[clug] SSH Public key auth + Encrypted home dir

Alex Satrapa alexsatrapa at mac.com
Thu Aug 27 00:29:18 MDT 2009


On 26/08/2009, at 12:00 , Robert Edwards wrote:

> Another approach I will get around to investigating one day is to have
> a whole encrypted VM in my home directory.

I have a particularly stupid setup where I keep a VMWare image inside  
an encrypted disk image on a WD Passport drive.

  WD Passport, "Alex's Box of Tricks":
   - Applications
     - VMWare Fusion.app
   - Stuff
   - Virtual Machines
     - Bank Terminal.dmg (encrypted disk image)
       - Alias to ../../Applications/VMWare Fusion.app
       - Bank Terminal.vmwarevm
     - ... other vmware images

If you try something similar, make sure you keep a copy of the virtual  
machine software on the same disk as all those encrypted disk images.

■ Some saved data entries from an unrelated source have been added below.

Lemma no_link1_of_K_path p q : ~~ e p q -> K_path p q -> ~~ link (prof p) (prof q) 1.
Proof.
move=> npq /existsP [k1 /andP [k1K /existsP [k2 /andP [k2K]]]].
case/and5P => pk1 k12 k2q npk2 nk1q; apply/hasP => -[x]; rewrite mem_iota /= !bit_prof.
move=> ltx /and5P [qx npx px1 nqx1 _].
apply: noC6; apply: (has_induced_cycle_of_seq e_sym e_irr p
  (s := [:: p; k1; k2; q; vc x; vc (x + 1)])) => //.
check_pattern x ltx.
Qed.

Lemma no_link2_of_K_path p q : ~~ e p q -> K_path p q -> ~~ link (prof p) (prof q) 2.
Proof.
move=> npq /existsP [k1 /andP [k1K /existsP [k2 /andP [k2K]]]].
case/and5P => pk1 k12 k2q npk2 nk1q; apply/hasP => -[x]; rewrite mem_iota /= !bit_prof.
move=> ltx /and5P [qx npx px2 nqx2 /andP [/andP [npx1 nqx1] _]].
apply: noC7; apply: (has_induced_cycle_of_seq e_sym e_irr p
  (s := [:: p; k1; k2; q; vc x; vc (x + 1); vc (x + 2)])) => //.
check_pattern x ltx.
Qed.

Lemma NK_nonadj_classified p q : p \in NK e K -> q \in NK e K -> p != q -> ~~ e p q ->
  classified (prof p) (prof q).
Proof.
move=> pN qN neqpq npq.
have nqp : ~~ e q p by rewrite e_sym.
have [pC qC] := (NK_notin_VC pN, NK_notin_VC qN).
have not_both_gap3 : ~~ (gap_after (prof p) 3 && gap_after (prof q) 3).
  apply/andP => -[/(NK_gap3_complete pN) pK /(NK_gap3_complete qN) qK].
  exact: not_both_complete neqpq npq pK qK.
have gap3_common : (gap_after (prof p) 3 || gap_after (prof q) 3) ==> common_nbr p q.
  apply/implyP => /orP [/(NK_gap3_complete pN) pK | /(NK_gap3_complete qN) qK].
    by have [k kK qk] := NK_nbr qN; apply/existsP; exists k; rewrite kK pK.
  by have [k kK pk] := NK_nbr pN; apply/existsP; exists k; rewrite kK pk qK.
have common_disjoint : common_nbr p q ==> ~~ meets (prof p) (prof q).
  exact/implyP/common_nbr_disjoint.
have common_no_link2 :
    common_nbr p q ==> ~~ link (prof p) (prof q) 2 && ~~ link (prof q) (prof p) 2.
  apply/implyP => common; rewrite no_link2_of_common_nbr //.
  by rewrite no_link2_of_common_nbr // common_nbr_sym.
have gap2_no_link : ~~ common_nbr p q && (gap_after (prof p) 2 || gap_after (prof q) 2) ==>
    [&& ~~ link (prof p) (prof q) 1, ~~ link (prof q) (prof p) 1,
        ~~ link (prof p) (prof q) 2 & ~~ link (prof q) (prof p) 2].
  apply/implyP => /andP [nocommon gap2].
  have path_pq : K_path p q.
    case/orP: gap2 => [|gap]; first exact: K_path_of_gap2.
    by apply/K_path_sym/K_path_of_gap2; rewrite // common_nbr_sym.
  have path_qp := K_path_sym path_pq.
  by rewrite !no_link1_of_K_path ?no_link2_of_K_path.
apply: (admissible_classified (c := common_nbr p q)); rewrite ?size_prof //.
by rewrite /admissible !NK_sees_C // !outside_no_gap // not_meets_twice //=;
  rewrite not_both_gap3 gap3_common common_disjoint common_no_link2 gap2_no_link.
Qed.

Definition trace (X : {set T}) : seq bool := mkseq (fun j => vc j \in X) 5.

Lemma mem_Sset x (X : {set T}) : X \subset VC v ->
  (x \in Sset e v X) = (x \notin VC v) && (prof x == trace X).
Proof.
move=> /subsetP XC; rewrite inE; case: (x \notin VC v) => //=.
apply/eqP/eqP => [<- | eq_prof]; first by apply: eq_mkseq => j; rewrite inE vc_in_VC.
apply/setP => y; rewrite inE; case: (boolP (y \in VC v)) => [/VC_vc [j ->] | yC] /=.
  have := congr1 (nth false ^~ (j %% 5)) eq_prof.
  by rewrite !nth_mkseq ?ltn_pmod // vc_mod.
by apply/esym/negbTE; apply: contra yC; apply: XC.
Qed.

Lemma mem_Sset_cyc x (X : {set T}) i ds :
  (forall y, (y \in X) = has (fun d => y == vc (i + d)) ds) ->
  (x \in Sset e v X) = (x \notin VC v) && (prof x == cyc_set i ds).
Proof.
move=> memX; rewrite mem_Sset; last first.
  by apply/subsetP => y; rewrite memX => /hasP [d _ /eqP ->]; apply: vc_in_VC.
congr (_ && (_ == _)); apply: eq_mkseq => j; rewrite memX.
by apply: eq_has => d; apply: vc_eq.
Qed.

On the Mac I just have to make sure that I launch that version of  
VMWare Fusion by dragging the "Bank Terminal.vmwarevm" image onto the  
VMWare Fusion application on that drive, thus the alias to VMWare  
Fusion inside the encrypted disk image (you read that right, I use the  
GUI for more than just having a dozen terminal windows open).

I also experimented briefly with setting the disk image to read-only  
and copying it to a new version every time I wanted to log on and do  
stuff with my bank. But then I realised that all this messing about  
with virtual machines was dependent on my main OS being secure. So I  
just do my Internet Banking in Omniweb (Flash disabled by default) on  
the Mac. If someone had a keylogger installed, they'd get the details  
they want directly from the keyboard, who cares about infecting the  
one-use VM.

I can imagine that if one was trying to protect sensitive material  
which is not going to be read by the person sitting in front of the  
computer, the encrypted VM image would serve some purpose. So your CA- 
in-a-box could live there since the only stuff that transits the VM is  
your commands to create a new certificate, and the encrypted file  
carrying the private+public keys leaving through an ethernet interface  
or floppy disk. Remembering that the expected threat is a keylogger/ 
screen-grabber tracking every input to and output from that VM.

Enough of my blathering. I'm sure you have determined a dozen flaws in  
my plan and a dozen reasons why an encrypted VM makes sense.